Underneath the wasp's brown paper manor house, the ground is channeled into a sort of drain for the refuse of the nest. Here are shot the dead or weakly larvae which a continual inspection roots out from the cells to make room for fresh occupants; here, at the time of the autumn massacre, are flung the backward grubs; here, lastly, lies a good part of the crowd killed by the first touch of winter. During the rack and ruin of November and December, this sewer becomes crammed with animal matter.

Such riches will not remain unemployed. The world's great law which says that nothing edible shall be wasted provides for the consumption of a mere ball of hair disgorged by the owl. How shall it be with the vast stores of a ruined wasps' nest! If they have not come yet, the consumers whose task it is to salve this abundant wreckage for nature's markets, they will not tarry in coming and waiting for the manna that will soon descend from above. That public granary, lavishly stocked by death, will become a busy factory of fresh life.
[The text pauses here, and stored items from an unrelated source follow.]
(* Let $\epsilon\in(0,1)$. Let $x\in\{0,1\}^m$ and $y\in\{0,1\}^k$ be random variables satisfying the $\epsilon$-martingale condition with respect to the ordering $x_1,\dots,x_m,y_1,\dots,y_k$. Then \[ \Pr[\mu_x(y)\ge0]\le 3\exp\bigl(-\epsilon^4(1-O(\epsilon))k/64\bigr). \]
   Context: Characteristic strings and forks. A characteristic string is $w=w_1\dots w_n\in\{0,1\}^n$; index $i$ is honest if $w_i=0$ and adversarial if $w_i=1$. A fork for $w$ is a rooted tree with edges directed away from the root $r$ and labeling $\ell:V\to\{0,\dots,n\}$ with (F1) $\ell(r)=0$; (F2) labels strictly increasing along directed paths; (F3) each honest index labels exactly one vertex; (F4) for honest $i<j$ the vertex labeled $i$ has strictly smaller depth than the vertex labeled $j$. Write $F\vdash w$. A vertex is honest if it is the root or labeled by an honest index. A tine is a directed path from the root; its length is its number of edges, $\ell(t)$ the label of its last vertex. A fork is closed if every leaf is honest; a closed fork has a unique longest tine $\hat t$. For closed $F\vdash w$ and tine $t$: $\mathrm{gap}(t)=\mathrm{length}(\hat t)-\mathrm{length}(t)$, $\mathrm{reserve}(t)=|\{i:w_i=1,\ i>\ell(t)\}|$, $\mathrm{reach}(t)=\mathrm{reserve}(t)-\mathrm{gap}(t)$. For $w=xy$, tines are disjoint over $y$ if they share no edge terminating at a vertex with label $>|x|$ (a tine may be paired with itself). $\mu_x(F)=\max\min\{\mathrm{reach}(t_1),\mathrm{reach}(t_2)\}$ over pairs disjoint over $y$, and $\mu_x(y)=\max\{\mu_x(F):F\vdash xy\text{ closed}\}$. A sequence of $\{0,1\}$-valued random variables $Z_1,\dots,Z_N$ satisfies the $\epsilon$-martingale condition if for every $t$, $\Pr[Z_t=1\mid Z_1,\dots,Z_{t-1}]\le(1-\epsilon)/2$ for arbitrary conditioning values. *)

From HB Require Import structures.
From mathcomp Require Import all_boot all_order all_algebra.
From mathcomp Require Import boolp reals.
From mathcomp Require Import sequences exp.
Set Implicit Arguments. Unset Strict Implicit. Unset Printing Implicit Defensive.
Import Order.TTheory GRing.Theory Num.Theory.

(* ---------- Characteristic strings ----------
   A characteristic string w = w_1 ... w_n is a [seq bool] of size n;
   w_i = nth false w (i-1); true = 1 = adversarial, false = 0 = honest. *)
Definition honest_idx (w : seq bool) (i : nat) : bool :=
  (0 < i <= size w) && ~~ nth false w i.-1.
Definition adv_idx (w : seq bool) (i : nat) : bool :=
  (0 < i <= size w) && nth false w i.-1.

(* ---------- Forks ----------
   A (finite rooted) tree is encoded with vertices 0..fsize, vertex 0 being
   the root r; every non-root vertex v has a parent fpar v < v (so the edge
   fpar v -> v is directed away from the root).  Every finite rooted tree has
   such an encoding (number the vertices in BFS order).  flab is the labeling. *)
Record fork := Fork { fsize : nat; fpar : nat -> nat; flab : nat -> nat }.

Definition up (F : fork) (v : nat) : nat := if v is 0 then 0 else fpar F v.

Fixpoint depth_aux (F : fork) (fuel v : nat) : nat :=
  if fuel is fuel'.+1 then (if v is 0 then 0 else (depth_aux F fuel' (up F v)).+1)
  else 0.
(* depth = number of edges from the root (fpar v < v, so v steps suffice) *)
Definition depth (F : fork) (v : nat) : nat := depth_aux F v v.

Definition is_fork (F : fork) (w : seq bool) : Prop :=
  [/\ (forall v, 0 < v <= fsize F -> fpar F v < v) /\
        (forall v, v <= fsize F -> flab F v <= size w),
      flab F 0 = 0,
      (forall v, 0 < v <= fsize F -> flab F (fpar F v) < flab F v),
      (forall i, honest_idx w i ->
         #|[pred v : 'I_(fsize F).+1 | flab F v == i]| = 1) &
      (forall u v, u <= fsize F -> v <= fsize F ->
         honest_idx w (flab F u) -> honest_idx w (flab F v) ->
         flab F u < flab F v -> depth F u < depth F v)].

Definition honest_vertex (F : fork) (w : seq bool) (v : nat) : bool :=
  (v == 0) || honest_idx w (flab F v).

Definition is_leaf (F : fork) (v : nat) : bool :=
  [forall u : 'I_(fsize F).+1, (0 < val u) ==> (fpar F u != v)].

Definition closed_fork (F : fork) (w : seq bool) : Prop :=
  forall v, v <= fsize F -> is_leaf F v -> honest_vertex F w v.

(* Tines are in bijection with vertices: the tine of v is the unique path
   from the root to v; its length is depth v and l(t) = flab v.
   [on_tine F v u] : u is a vertex of the tine ending at v. *)
Definition on_tine (F : fork) (v u : nat) : bool :=
  [exists i : 'I_v.+1, iter i (up F) v == u].

Definition height (F : fork) : nat := \max_(v < (fsize F).+1) depth F v.

Definition gap (F : fork) (v : nat) : nat := height F - depth F v.

Definition reserve (F : fork) (w : seq bool) (v : nat) : nat :=
  #|[pred i : 'I_(size w).+1 | (flab F v < i) && adv_idx w i]|.

Definition reach (F : fork) (w : seq bool) (v : nat) : int :=
  ((reserve F w v)%:Z - (gap F v)%:Z)%R.

(* tines ending at v1, v2 are disjoint over y (|x| = m): they share no edge
   terminating at a vertex with label > m (edge terminating at u <-> u <> root) *)
Definition disjoint_over (F : fork) (m v1 v2 : nat) : bool :=
  ~~ [exists u : 'I_(fsize F).+1,
        [&& 0 < val u, m < flab F u, on_tine F v1 u & on_tine F v2 u]].

(* mu_x(F) for w = x y with |x| = m : max over pairs of tines disjoint over y
   of min(reach t1, reach t2).  The pair (root, root) is always disjoint,
   so it serves as the initial value of the fold. *)
Definition mu_fork (m : nat) (w : seq bool) (F : fork) : int :=
  foldr Num.max (reach F w 0)
    [seq Num.min (reach F w (val p.1)) (reach F w (val p.2)) |
       p <- [seq (a, b) | a <- enum 'I_(fsize F).+1, b <- enum 'I_(fsize F).+1]
     & disjoint_over F m (val p.1) (val p.2)].

(* The event  mu_x(y) >= 0, where mu_x(y) = max over closed forks F |- xy of
   mu_x(F):  mu_x(y) >= 0  iff some closed fork F |- xy has mu_x(F) >= 0. *)
Definition mu_ge0 (x y : seq bool) : Prop :=
  exists F : fork, [/\ is_fork F (x ++ y), closed_fork F (x ++ y)
                     & (0 <= mu_fork (size x) (x ++ y) F)%R].

Section Prob.
Variables (R : realType) (n : nat).
Local Open Scope ring_scope.

Definition is_distr (P : {ffun n.-tuple bool -> R}) : Prop :=
  (forall w, 0 <= P w) /\ \sum_(w : n.-tuple bool) P w = 1.

Definition Pr (P : {ffun n.-tuple bool -> R}) (E : n.-tuple bool -> Prop) : R :=
  \sum_(w : n.-tuple bool | `[< E w >]) P w.

(* epsilon-martingale condition for Z_1..Z_n (Z_{t+1} = nth false w t):
   Pr[Z_{t+1} = 1 | Z_1..Z_t = b] <= (1 - eps)/2 for every b, written
   multiplicatively (vacuous when the conditioning event has probability 0). *)
Definition eps_martingale (eps : R) (P : {ffun n.-tuple bool -> R}) : Prop :=
  forall t, (t < n)%N -> forall b : seq bool, size b = t ->
    Pr P (fun w => take t w = b /\ nth false w t = true)
      <= (1 - eps) / 2 * Pr P (fun w => take t w = b).
End Prob.

From HB Require Import structures.
From mathcomp Require Import all_boot all_order all_algebra.
From mathcomp Require Import boolp reals.
From mathcomp Require Import sequences exp.
From mathcomp Require Import zify ring lra.
Import Order.TTheory GRing.Theory Num.Theory.
Set Implicit Arguments. Unset Strict Implicit. Unset Printing Implicit Defensive.

(* Fix a fork for x y and two of its tines that are
   disjoint over y, and follow, symbol by symbol, the reach of the part of each
   tine built so far, measured against the height of the honest vertices built
   so far.  A two-counter walk (g, r) driven by the characteristic string alone
   dominates both reaches: r bounds each of them, and once g > 0 one of them is
   at most -g.  The walk can make g positive only inside y, where the new honest
   vertex lies on at most one of the two tines; hence mu_x(y) >= 0 forces g = 0
   at the end.  Under the eps-martingale condition the potential
   (1 + eps^2/4)^r / (1 + eps)^g has expectation at most 1/eps after x and
   contracts by 1 - eps^3/8 on every symbol of y.  As it is at least 1 when
   g = 0, Pr[mu_x(y) >= 0] <= (1 - eps^3/8)^k / eps <= 3 exp(-eps^4 k / 64). *)

Section Tines.
Variable F : fork.
Local Notation N := (fsize F).
Hypothesis fpar_lt : forall v, 0 < v <= N -> fpar F v < v.
Hypothesis flab_fpar_lt : forall v, 0 < v <= N -> flab F (fpar F v) < flab F v.

Definition ancestor v i := iter i (up F) v.

Lemma depth0 : depth F 0 = 0.
Proof. by []. Qed.

Lemma up_lt v : 0 < v -> v <= N -> up F v < v.
Proof. by case: v => // v _ hv; apply: fpar_lt; rewrite hv. Qed.

Lemma up_leq v : v <= N -> up F v <= v.
Proof. by case: v => // v hv; apply/ltnW/up_lt. Qed.

Lemma flab_up_lt v : 0 < v -> v <= N -> flab F (up F v) < flab F v.
Proof. by case: v => // v _ hv; apply: flab_fpar_lt; rewrite hv. Qed.

Lemma ancestorS v i : ancestor v i.+1 = up F (ancestor v i).
Proof. by []. Qed.

Lemma ancestor_leq v i : v <= N -> ancestor v i <= v.
Proof.
move=> hv; elim: i => // i IH.
exact: leq_trans (up_leq (leq_trans IH hv)) IH.
Qed.

Lemma depth_aux_fuel f1 f2 v :
  v <= N -> v <= f1 -> v <= f2 -> depth_aux F f1 v = depth_aux F f2 v.
Proof.
elim: f1 f2 v => [|f1 IH] [|f2] [|v] // hN h1 h2 /=; congr S.
have := up_lt (v := v.+1) isT hN; have := up_leq (v := v.+1) hN => /= ??.
apply: IH; lia.
Qed.

Lemma depth_up v : 0 < v -> v <= N -> depth F v = (depth F (up F v)).+1.
Proof.
case: v => // v _ hN; rewrite /depth /=; congr S.
have := up_lt (v := v.+1) isT hN; have := up_leq (v := v.+1) hN => /= ??.
apply: depth_aux_fuel; lia.
Qed.

Lemma depth_leq v : v <= N -> depth F v <= v.
Proof.
elim: v {-2}v (leqnn v) => [|n IH] [|v] // hv hN.
rewrite depth_up //; have := up_lt (v := v.+1) isT hN.
have := IH (up F v.+1); lia.
Qed.

Lemma depth_ancestor v i :
  v <= N -> i <= depth F v -> depth F (ancestor v i) = depth F v - i.
Proof.
move=> hN; elim: i => [|i IH] hi; first by rewrite subn0.
have hA : ancestor v i <= N := leq_trans (ancestor_leq i hN) hN.
have := IH (ltnW hi); rewrite ancestorS.
case: (ancestor v i) hA => [|a] hA e; first by move: e; rewrite depth0; lia.
by have := depth_up (v := a.+1) isT hA; lia.
Qed.

Lemma ancestor_depth v : v <= N -> ancestor v (depth F v) = 0.
Proof.
by move=> hN; have := depth_ancestor hN (leqnn _); rewrite subnn; case: ancestor.
Qed.

Lemma ancestor_beyond v i : v <= N -> depth F v <= i -> ancestor v i = 0.
Proof.
move=> hN hi; rewrite -(subnK hi) /ancestor iterD -/(ancestor v (depth F v)).
by rewrite ancestor_depth //; elim: (i - depth F v) => //= j ->.
Qed.

Lemma flab_ancestor_lt v i j :
  v <= N -> i < j <= depth F v -> flab F (ancestor v j) < flab F (ancestor v i).
Proof.
move=> hN /andP[]; elim: j => // j IH hij hj.
have hA : ancestor v j <= N := leq_trans (ancestor_leq j hN) hN.
have hpos : 0 < ancestor v j.
  have := depth_ancestor hN (ltnW hj).
  by case: (ancestor v j) => //; rewrite depth0; lia.
have step := flab_up_lt hpos hA; rewrite ancestorS.
case: (ltngtP i j) => [/IH/(_ (ltnW hj))||->]; lia.
Qed.

Lemma on_tineP v u :
  v <= N -> reflect (exists2 i, i <= depth F v & ancestor v i = u) (on_tine F v u).
Proof.
move=> hN; apply: (iffP existsP) => [[i /eqP hi]|[i hi <-]].
  case: (leqP i (depth F v)) => h; first by exists i.
  exists (depth F v) => //; rewrite ancestor_depth // -hi.
  exact/esym/ancestor_beyond/ltnW.
have hi' : i < v.+1 by have := depth_leq hN; lia.
by exists (Ordinal hi').
Qed.

Section OnTine.
Variable v : nat.
Hypothesis hv : v <= N.

Lemma on_tine_leq u : on_tine F v u -> u <= N.
Proof. by case/(on_tineP _ hv) => i _ <-; exact: leq_trans (ancestor_leq i hv) hv. Qed.

Lemma on_tine_refl : on_tine F v v.
Proof. by apply/(on_tineP _ hv); exists 0. Qed.

Lemma on_tine_flab_leq u : on_tine F v u -> flab F u <= flab F v.
Proof.
case/(on_tineP _ hv) => -[|i] hi <- //.
exact/ltnW/(flab_ancestor_lt (i := 0) hv).
Qed.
Who are the guests summoned to the banquet?

If the wasps flew away, carrying the dead or sickly grubs with them, and dropped them on the ground round about their home, those banqueters would be, first and foremost, the insect-eating birds, the warblers, all of whom are lovers of small game. In this connection, we will allow ourselves a brief digression. We all know with what jealous intolerance the nightingales occupy each his own cantonment. Neighborly intercourse among them is tabooed. The males frequently exchange defiant couplets at a distance; but, should the challenged party draw near, the challenger makes him clear off. Now, not far from my house, in a scanty clump of holly oaks which would barely give the woodcutter the wherewithal for a dozen faggots, I used, all through the spring, to hear such full-throated warbling of nightingales that the songs of those virtuosi, all giving voice at once and with no attempt at order, degenerated into a deafening hubbub.

Why did those passionate devotees of solitude come and settle in such large numbers at a spot where custom decrees that there is just room enough for one household only? What reasons have made the recluse become a congregation? I asked the owner of the spinney about the matter.

'It's like that every year,' he said. 'The clump is overrun by Nightingales.'

'And the reason?'

'The reason is that there is a hive close by, behind that wall.'

I looked at the man in amazement, unable to understand what connection there could be between a hive and the thronging nightingales.